Saved data entries:
(* Let $R\subset S$ be an integral FCP ring extension. Then $R\subset S$ has a critical ideal if and only if $R\subset S$ is $M$-crucial for some $M\in\mathrm{Max}(R)$. In this case $M$ is the critical ideal of the extension and $M=\sqrt{(R:R[x])}$ for each $x\in S\setminus R$.
   Context: Rings are commutative and unital. An extension $R\subseteq S$ is FCP if every chain in the poset of $R$-subalgebras of $S$ is finite. $(R:T)=\{r\in R\mid rT\subseteq R\}$ for $T\supseteq R$, and $R:x=\{r\in R\mid rx\in R\}$. An ideal $J$ of $R$ is a critical ideal of $R\subset S$ if $J=\sqrt{R:x}$ for every $x\in S\setminus R$. $R\subset S$ is $M$-crucial if $\mathrm{Supp}_R(S/R)=\{P\in\mathrm{Spec}(R)\mid R_P\neq S_P\}=\{M\}$. *)

(* A ring extension R ⊆ S is modelled as a commutative ring S
   together with a subring R of S, given as a predicate on S. *)
From Stdlib Require List.
From mathcomp Require Import all_boot all_algebra.
Set Implicit Arguments. Unset Strict Implicit. Unset Printing Implicit Defensive.
Import GRing.Theory.
Local Open Scope ring_scope.

Section Defs.
Variable S : comNzRingType.
Implicit Types (R T P J M I : S -> Prop).

Definition is_subring T : Prop :=
  T 1 /\ (forall x y, T x -> T y -> T (x - y)) /\ (forall x y, T x -> T y -> T (x * y)).

Definition subalgebra R T : Prop := is_subring T /\ (forall x, R x -> T x).

Definition is_chain R (C : (S -> Prop) -> Prop) : Prop :=
  (forall T, C T -> subalgebra R T) /\
  (forall T1 T2, C T1 -> C T2 -> (forall x, T1 x -> T2 x) \/ (forall x, T2 x -> T1 x)).
Definition finite_family (C : (S -> Prop) -> Prop) : Prop :=
  exists l : seq (S -> Prop), forall T, C T -> exists2 T', List.In T' l & forall x, T x <-> T' x.
Definition FCP R : Prop := forall C, is_chain R C -> finite_family C.

Definition integral_over R (s : S) : Prop :=
  exists (n : nat) (c : nat -> S), (forall i, R (c i)) /\
    s ^+ n + \sum_(i < n) c i * s ^+ i = 0.
Definition integral_ext R : Prop := forall s, integral_over R s.

Definition ideal_of R I : Prop :=
  (forall x, I x -> R x) /\ I 0 /\ (forall x y, I x -> I y -> I (x + y)) /\
  (forall r x, R r -> I x -> I (r * x)).
Definition prime_of R P : Prop :=
  ideal_of R P /\ ~ P 1 /\ (forall x y, R x -> R y -> P (x * y) -> P x \/ P y).
Definition maximal_of R M : Prop :=
  ideal_of R M /\ ~ M 1 /\
  (forall I, ideal_of R I -> (forall x, M x -> I x) -> I 1 \/ (forall x, I x <-> M x)).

### Work order
Reproduce every line from the preceding data in which the word "setminus" can be found.

### Solved problem
(* Let $R\subset S$ be an integral FCP ring extension. Then $R\subset S$ has a critical ideal if and only if $R\subset S$ is $M$-crucial for some $M\in\mathrm{Max}(R)$. In this case $M$ is the critical ideal of the extension and $M=\sqrt{(R:R[x])}$ for each $x\in S\setminus R$.
   Context: Rings are commutative and unital. An extension $R\subseteq S$ is FCP if every chain in the poset of $R$-subalgebras of $S$ is finite. $(R:T)=\{r\in R\mid rT\subseteq R\}$ for $T\supseteq R$, and $R:x=\{r\in R\mid rx\in R\}$. An ideal $J$ of $R$ is a critical ideal of $R\subset S$ if $J=\sqrt{R:x}$ for every $x\in S\setminus R$. $R\subset S$ is $M$-crucial if $\mathrm{Supp}_R(S/R)=\{P\in\mathrm{Spec}(R)\mid R_P\neq S_P\}=\{M\}$. *)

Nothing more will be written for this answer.